Advantages and Disadvantages of the 1% Rule

Advantages

Easy to calculate: The 1% rule can be easily calculated without the need for a calculator or formal training in business, accounting, or finance.

Conservative analysis can help an investor choose a profitable property: Properties generating 1% monthly rent will be able to cover at least the monthly mortgage payment.

Disadvantages

Ignores interest rates: With falling interest rates, investors can benefit from properties that do not meet the 1% rule and still achieve profits.

Does not account for local conditions, vacancy, and maintenance costs: Every real estate property is unique, and all the different interrelated factors must be considered. Many investors using the 1% rule consider it a starting point.
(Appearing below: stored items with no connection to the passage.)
(* Let $n,m,q,L\ge 1$ and let $X\in\mathbb{R}^{n\times L}$, $U\in\mathbb{R}^{m\times L}$, $V\in\mathbb{R}^{q\times L}$, $E\in\mathbb{R}^{n\times q}$, $\mathcal{D}_{11}\in\mathbb{R}^{L\times L}$ be given, and let $\Sigma=\{(A,B)\in\mathbb{R}^{n\times n}\times\mathbb{R}^{n\times m}: X\mathcal{D}_{11}=AX+BU+EV\}$, assumed nonempty. Then the data $(X,U)$ are informative for stabilization (there exists $K\in\mathbb{R}^{m\times n}$ such that $A+BK$ is Hurwitz for all $(A,B)\in\Sigma$) if and only if there exists $\theta\in\mathbb{R}^{L\times n}$ with $X\theta=(X\theta)^{T}>0$ and $\theta^{T}(X\mathcal{D}_{11}-EV)^{T}+(X\mathcal{D}_{11}-EV)\theta<0$. Furthermore, for such $\theta$ the gain $K=U\theta(X\theta)^{-1}$ (which equals $UX^{+}$ with the right inverse $X^{+}=\theta(X\theta)^{-1}$ of $X$) makes $A+BK$ Hurwitz for all $(A,B)\in\Sigma$.
   Context: The data arise from an agent $\dot x=\bar Ax+\bar Bu+Ev$ with unknown $(\bar A,\bar B)$ and known $E$, where $X,U,V$ collect the first $L$ coefficients of $x,u,v$ in a (Chebyshev) orthogonal polynomial basis and $\mathcal{D}_{11}$ is the leading $L\times L$ block of the basis differentiation matrix; in the noise-free case $(\bar A,\bar B)\in\Sigma$. Hurwitz means all eigenvalues have negative real part; $>0$ / $<0$ denote positive / negative definiteness of symmetric matrices. *)

From HB Require Import structures.
From mathcomp Require Import all_boot all_order all_algebra.
From mathcomp Require Import reals.
From mathcomp.real_closed Require Import complex.
Set Implicit Arguments. Unset Strict Implicit. Unset Printing Implicit Defensive.
Import Order.TTheory GRing.Theory Num.Theory.
Local Open Scope ring_scope.

Definition hurwitz (R : realType) (n : nat) (A : 'M[R]_n) : Prop :=
  forall z : R[i], eigenvalue (map_mx (real_complex R) A) z -> complex.Re z < 0.

Definition posdef (R : realType) (n : nat) (M : 'M[R]_n) : Prop :=
  M^T = M /\ forall x : 'cV[R]_n, x != 0 -> 0 < (x^T *m M *m x) 0 0.

Definition negdef (R : realType) (n : nat) (M : 'M[R]_n) : Prop :=
  M^T = M /\ forall x : 'cV[R]_n, x != 0 -> (x^T *m M *m x) 0 0 < 0.

Definition Sigma (R : realType) (n m q L : nat)
  (X : 'M[R]_(n, L)) (U : 'M[R]_(m, L)) (V : 'M[R]_(q, L))
  (E : 'M[R]_(n, q)) (D11 : 'M[R]_L) (A : 'M[R]_n) (B : 'M[R]_(n, m)) : Prop :=
  X *m D11 = A *m X + B *m U + E *m V.

Definition informative_stab (R : realType) (n m q L : nat)
  (X : 'M[R]_(n, L)) (U : 'M[R]_(m, L)) (V : 'M[R]_(q, L))
  (E : 'M[R]_(n, q)) (D11 : 'M[R]_L) : Prop :=
  exists K : 'M[R]_(m, n), forall A B,
    Sigma X U V E D11 A B -> hurwitz (A + B *m K).

(* For (A, B) in Sigma we have A X + B U = Y with Y := X D11 - E V, so a gain
   K = U G with X G = I yields the closed loop A + B K = Y G, the same for all
   of Sigma.  Conversely, if A + B K is Hurwitz, hence has negative trace, on
   all of Sigma, then [I; K] lies in the column space of [X; U]: otherwise
   Sigma contains a line along which the trace of A + B K is unbounded.  So
   informativity means that Y G is Hurwitz for some right inverse G of X, and
   by Lyapunov's theorem that (Y G) P + P (Y G)^T < 0 for some P > 0, which is
   the LMI for theta = G P (then P = X theta).  The converse Lyapunov theorem
   is proved algebraically: conjugating a complex Schur form of the Hurwitz
   matrix M by diag(eps^i), eps small, gives F M F^-1 with negative definite
   Hermitian part, and P := Re (F^-1 F^-H) is then a Lyapunov matrix. *)

From mathcomp Require Import all_boot all_order all_algebra.
From mathcomp Require Import reals.
From mathcomp.real_closed Require Import complex.
From mathcomp Require Import ring lra.
Import Order.TTheory GRing.Theory Num.Theory.
Local Open Scope ring_scope.
Set Implicit Arguments. Unset Strict Implicit. Unset Printing Implicit Defensive.

Section RealMatrices.
Variable R : realType.

Lemma posdef_row_gt0 n (P : 'M[R]_n) :
  posdef P -> forall a : 'rV_n, a != 0 -> 0 < (a *m P *m a^T) 0 0.
Proof. by case=> _ Ppos a; have := Ppos a^T; rewrite trmxK trmx_eq0. Qed.

Lemma negdef_row_lt0 n (N : 'M[R]_n) :
  negdef N -> forall a : 'rV_n, a != 0 -> (a *m N *m a^T) 0 0 < 0.
Proof. by case=> _ Nneg a; have := Nneg a^T; rewrite trmxK trmx_eq0. Qed.

Lemma posdef_unitmx n (P : 'M[R]_n) : posdef P -> P \in unitmx.
Proof.
move=> Ppos; apply: contraT => P_nonunit.
have /eigenvalueP [v vP v_neq0] : eigenvalue P 0.
  by rewrite /eigenvalue /eigenspace raddf0 subr0 kermx_eq0 row_free_unit.
by have := posdef_row_gt0 Ppos v_neq0; rewrite vP scale0r mul0mx mxE ltxx.
Qed.

Lemma mxtrace_mul_trmx_gt0 p q (A : 'M[R]_(p, q)) :
  A != 0 -> 0 < \tr (A *m A^T).
Proof.
case/matrix0Pn => i [j Aij_neq0].
have -> : \tr (A *m A^T) = \sum_k \sum_l A k l ^+ 2.
  by apply: eq_bigr => k _; rewrite mxE; apply: eq_bigr => l _; rewrite mxE.
have sum_sq_ge0 (P : pred 'I_q) k : 0 <= \sum_(l | P l) A k l ^+ 2.
  by rewrite sumr_ge0 // => l _; rewrite sqr_ge0.
rewrite (bigD1 i) //= (bigD1 j) //= -addrA ltr_wpDr ?exprn_even_gt0 //.
by rewrite addr_ge0 ?sum_sq_ge0 // sumr_ge0.
Qed.

Lemma gain_factors_through_data n m L (X : 'M[R]_(n, L)) (U : 'M[R]_(m, L))
    (Y : 'M[R]_(n, L)) (K : 'M[R]_(m, n)) A0 B0 :
  A0 *m X + B0 *m U = Y ->
  (forall A B, A *m X + B *m U = Y -> \tr (A + B *m K) < 0) ->
  exists2 G : 'M[R]_(L, n), X *m G = 1%:M & U *m G = K.
Proof.
move=> data0 trace_lt0.
suff /submxP [G] : (row_mx 1%:M K^T <= row_mx X^T U^T)%MS.
  rewrite mul_mx_row => /eq_row_mx [XG UG]; exists G^T.
    by rewrite -[X]trmxK -trmx_mul -XG trmx1.
  by rewrite -[U]trmxK -trmx_mul -UG trmxK.
(* otherwise [W1^T W2^T] annihilates [X; U] but S := W1 + K^T W2 != 0, and
   (A0, B0) + t S (W1^T, W2^T) stays consistent while A + B K gains t S S^T *)
rewrite submxE; apply: contraT => S_neq0.
have := mulmx_coker (row_mx X^T U^T); set W := cokermx _ in S_neq0 *.
rewrite -[W]vsubmxK !mul_row_col mul1mx in S_neq0 *.
set W1 := usubmx W in S_neq0 *; set W2 := dsubmx W in S_neq0 *.
set S := W1 + K^T *m W2 in S_neq0.
move=> /(congr1 trmx); rewrite raddfD /= !trmx_mul !trmxK trmx0 => W_data.
have ST : S^T = W1^T + W2^T *m K by rewrite raddfD /= trmx_mul trmxK.
set t := - \tr (A0 + B0 *m K) / \tr (S *m S^T).
have data_t : (A0 + (t *: S) *m W1^T) *m X + (B0 + (t *: S) *m W2^T) *m U = Y.
  by rewrite !mulmxDl addrACA data0 -!mulmxA -mulmxDr W_data mulmx0 addr0.
have := trace_lt0 _ _ data_t.
rewrite mulmxDl -mulmxA addrACA -mulmxDr -ST mxtraceD -scalemxAl mxtraceZ.
rewrite /t divfK ?subrr ?ltxx //.
by rewrite gt_eqF // mxtrace_mul_trmx_gt0.
Qed.

End RealMatrices.

Lemma eigenvalue_trig_diag (F : fieldType) n (T : 'M[F]_n) i :
  is_trig_mx T -> eigenvalue T (T i i).
Proof.
move=> Ttrig; rewrite eigenvalue_root_char char_poly_trig // /root horner_prod.
by apply/prodf_eq0; exists i => //; rewrite hornerXsubC subrr.
Qed.

Lemma eigenvalue_similar (F : fieldType) n (Q A : 'M[F]_n) a :
  Q \in unitmx -> eigenvalue (Q *m A *m invmx Q) a -> eigenvalue A a.
Proof.
move=> Qu; rewrite -conjumx //; apply: eigenvalue_conjmx.
  exact: stablemx_unit.
by rewrite row_free_unit.
Qed.

Lemma trig_similar (C : numClosedFieldType) n (A : 'M[C]_n) : (0 < n)%N ->
  exists2 Q, Q \in unitmx & is_trig_mx (Q *m A *m invmx Q).
Proof.
move=> n_gt0; have [Q /unitarymx_unit Qu Atrig] := Schur A n_gt0.
by exists Q; rewrite // -conjumx.
Qed.

Section Lyapunov.
Variable R : realType.
Local Notation C := R[i].
Local Notation "x %:C" := (real_complex R x).
Local Notation cplx := (map_mx (real_complex R)).
Local Notation "A ^H" := (map_mx conjc A)^T (format "A ^H").
Local Notation Re := (@complex.Re R).
Local Notation Im := (@complex.Im R).

Definition sqnormc (z : C) : R := Re z ^+ 2 + Im z ^+ 2.

Lemma sqnormc_ge0 z : 0 <= sqnormc z.
Proof. by rewrite addr_ge0 ?sqr_ge0. Qed.

Lemma sqnormc_gt0 z : z != 0 -> 0 < sqnormc z.
Proof.
case: z => a b z_neq0; rewrite /sqnormc /=.
have [a0|a_neq0] := eqVneq a 0; last by rewrite ltr_wpDr ?sqr_ge0 ?exprn_even_gt0.
rewrite a0 expr0n add0r exprn_even_gt0 //.
by apply: contraNneq z_neq0 => b0; rewrite a0 b0.
Qed.

Lemma trmxC_mul p q r (A : 'M[C]_(p, q)) (B : 'M[C]_(q, r)) :
  (A *m B)^H = B^H *m A^H.
Proof. by rewrite map_mxM trmx_mul. Qed.

Lemma trmxCK p q (A : 'M[C]_(p, q)) : (A^H)^H = A.
Proof. by apply/matrixP => i j; rewrite !mxE conjcK. Qed.

Lemma trmxC_real p q (A : 'M[R]_(p, q)) : (cplx A)^H = cplx A^T.
Proof. by apply/matrixP => i j; rewrite !mxE conjc_real. Qed.

Lemma map_Re_real_mul p q r s
    (A : 'M[R]_(p, q)) (H : 'M[C]_(q, r)) (B : 'M[R]_(r, s)) :
  map_mx Re (cplx A *m H *m cplx B) = A *m map_mx Re H *m B.
Proof.
apply/matrixP => i j; rewrite !mxE raddf_sum; apply: eq_bigr => k _.
rewrite !mxE !mulr_suml raddf_sum; apply: eq_bigr => l _.
by rewrite !mxE; case: (H l k) => a b /=; ring.
Qed.

Lemma hermitian_Re_sym n (H : 'M[C]_n) :
  H^H = H -> (map_mx Re H)^T = map_mx Re H.
Proof.
by move=> HH; apply/matrixP => i j; rewrite !mxE -{1}HH !mxE; case: (H i j).
Qed.

Definition hform n (A : 'M[C]_n) (u : 'rV[C]_n) : R :=
  Re ((u *m A *m u^H) 0 0).

Definition dissipative n (A : 'M[C]_n) : Prop :=
  forall u : 'rV[C]_n, u != 0 -> hform A u < 0.

Lemma hform_real n (G : 'M[R]_n) (u : 'rV[C]_n) :
  hform (cplx G) u =
  (map_mx Re u *m G *m (map_mx Re u)^T) 0 0 +
  (map_mx Im u *m G *m (map_mx Im u)^T) 0 0.
Proof.
rewrite /hform !mxE raddf_sum -big_split; apply: eq_bigr => j _ /=.
rewrite !mxE !mulr_suml raddf_sum -big_split; apply: eq_bigr => k _ /=.
by rewrite !mxE; case: (u 0 k) => a b; case: (u 0 j) => c d /=; ring.
Qed.

Lemma hform_real_gt0 n (G : 'M[R]_n) (u : 'rV[C]_n) :
  (forall a : 'rV_n, a != 0 -> 0 < (a *m G *m a^T) 0 0) ->
  u != 0 -> 0 < hform (cplx G) u.
Proof.
move=> Gpos u_neq0; have Gnneg (a : 'rV_n) : 0 <= (a *m G *m a^T) 0 0.
  have [->|a_neq0] := eqVneq a 0; first by rewrite !mul0mx mxE.
  exact: ltW (Gpos a a_neq0).
rewrite hform_real; have [ReU0|ReU_neq0] := eqVneq (map_mx Re u) 0; last first.
  by rewrite ltr_wpDr ?Gpos.
rewrite ltr_wpDl // Gpos //; apply: contraNneq u_neq0 => ImU0.
apply/eqP/matrixP => i j.
move/matrixP: ReU0 => /(_ i j); move/matrixP: ImU0 => /(_ i j).
by rewrite !mxE; case: (u i j) => a b /= -> ->.
Qed.

Lemma hform1_gt0 n (u : 'rV[C]_n) : u != 0 -> 0 < hform 1%:M u.
Proof.
rewrite -(map_mx1 (real_complex R)); apply: hform_real_gt0 => a a_neq0.
by rewrite mulmx1 -trace_mx11 mxtrace_mul_trmx_gt0.
Qed.

Lemma lyapunov_hurwitz n (P M : 'M[R]_n) :
  posdef P -> negdef (M *m P + P *m M^T) -> hurwitz M.
Proof.
move=> Ppos Nneg z /eigenvalueP [v vM v_neq0].
have vMt : cplx M^T *m v^H = conjc z *: v^H.
  by rewrite -trmxC_real -trmxC_mul vM map_mxZ linearZ.
have eigen_form :
    hform (cplx (M *m P + P *m M^T)) v = 2 * Re z * hform (cplx P) v.
  rewrite /hform map_mxD !map_mxM mulmxDr mulmxDl !mulmxA vM -!mulmxA vMt.
  rewrite -scalemxAl -!scalemxAr -scalerDl mxE.
  by move: (_ 0 0) => w; case: {vM vMt} z w => [a b] [c d] /=; ring.
have := hform_real_gt0 (posdef_row_gt0 Ppos) v_neq0.
have /hform_real_gt0 /(_ v_neq0) : forall a : 'rV_n, a != 0 ->
    0 < (a *m - (M *m P + P *m M^T) *m a^T) 0 0.
  by move=> a /(negdef_row_lt0 Nneg); rewrite mulmxN mulNmx !mxE oppr_gt0.
rewrite map_mxN /hform mulmxN mulNmx mxE raddfN /= -/(hform _ _) eigen_form.
nra.
Qed.

Lemma hurwitz_trig_similar n (M : 'M[R]_n) : (0 < n)%N -> hurwitz M ->
  exists2 Q, Q \in unitmx &
    is_trig_mx (Q *m cplx M *m invmx Q) /\
    forall i, Re ((Q *m cplx M *m invmx Q) i i) < 0.
Proof.
move=> n_gt0 Mhur; have [Q Qu Ttrig] := trig_similar (cplx M) n_gt0.
exists Q => //; split=> // i.
exact/Mhur/(eigenvalue_similar Qu)/eigenvalue_trig_diag.
Qed.

Lemma hurwitz_trace_lt0 n (M : 'M[R]_n) : (0 < n)%N -> hurwitz M -> \tr M < 0.
Proof.
move=> n_gt0 /(hurwitz_trig_similar n_gt0) [Q Qu [_ Tdiag]].
have -> : \tr M = Re (\tr (Q *m cplx M *m invmx Q)).
  by rewrite mxtrace_mulC mulmxA mulVmx // mul1mx trace_map_mx.
rewrite /mxtrace raddf_sum.
apply: (@lt_le_trans _ _ (\sum_(i < n) 0)); last by rewrite big1.
apply: ltr_sum => [|i _]; last exact: Tdiag.
by apply/hasP; exists (Ordinal n_gt0); rewrite ?mem_index_enum.
Qed.

Definition l1normc (z : C) : R := `|Re z| + `|Im z|.

Lemma l1normc_ge0 z : 0 <= l1normc z.
Proof. by rewrite addr_ge0. Qed.

(* AM-GM on each of the two real bilinear forms making up the real part *)
Lemma Re_mul_conj_le (a w b : C) :
  Re (a * w * conjc b) <= l1normc w * ((sqnormc a + sqnormc b) / 2).
Proof.
case: a w b => [a1 a2] [p q] [b1 b2]; rewrite /l1normc /sqnormc /=.
set s := (_ / 2).
have bound (c d : R) : `|d| <= s -> c * d <= `|c| * s.
  by move=> ds; rewrite (le_trans (ler_norm _)) // normrM ler_wpM2l.
have /bound h1 : `|a1 * b1 + a2 * b2| <= s.
  have := sqr_ge0 (a1 - b1); have := sqr_ge0 (a1 + b1).
  have := sqr_ge0 (a2 - b2); have := sqr_ge0 (a2 + b2).
  by rewrite ler_norml /s => *; apply/andP; split; lra.
have /bound h2 : `|a1 * b2 - a2 * b1| <= s.
  have := sqr_ge0 (a1 - b2); have := sqr_ge0 (a1 + b2).
  have := sqr_ge0 (a2 - b1); have := sqr_ge0 (a2 + b1).
  by rewrite ler_norml /s => *; apply/andP; split; lra.
have := h1 p; have := h2 q; rewrite mulrDl; nra.
Qed.

Lemma hformE n (A : 'M[C]_n) (u : 'rV[C]_n) :
  hform A u = \sum_i \sum_j Re (u 0 i * A i j * conjc (u 0 j)).
Proof.
rewrite /hform mxE raddf_sum exchange_big; apply: eq_bigr => j _ /=.
by rewrite !mxE mulr_suml raddf_sum.
Qed.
It should not be the only factor or even the most important factor when selecting potential long-term rental properties.

Ignores property taxes: Property taxes can vary significantly across the country. Taxes in New Jersey are entirely different from taxes in Nevada, which is a cost not accounted for when analyzing properties using the 1% rule.

Works best for lower-cost property class: Properties that can generate 1% of monthly rent work best for lower-cost properties.

Alternatives to the 1% Rule

The 1% rule is not the only way to evaluate a property’s potential profits. Here are some commonly used calculations to help real estate investors make property decisions:

50% Rule: Set aside 50% of the monthly rent you receive to cover monthly expenses, excluding the mortgage.

70% Rule: Do not spend more than 70% of the after-repair value on the property.

Gross Rent Multiplier: Divide the market value of the property by the gross annual income. The resulting number is the number of years it will take for the investment to pay for itself.

Return on Investment Rate: Also known as “cash on cash return,” it is calculated by dividing the net cash flow by the amount invested. A general rule is to achieve a return on investment of at least 8%.

Internal Rate of Return: It is the annual return rate of your investment. It is used to compare investments with expected returns within the company.

Takeaway

Real estate investors use the 1% rule to determine if the amount invested in the property will generate enough monthly income to cover costs. Not every house can meet the 1% rule. Investors can use the 1% rule as a starting point, but other factors should also be considered. Investors have other tools to analyze properties.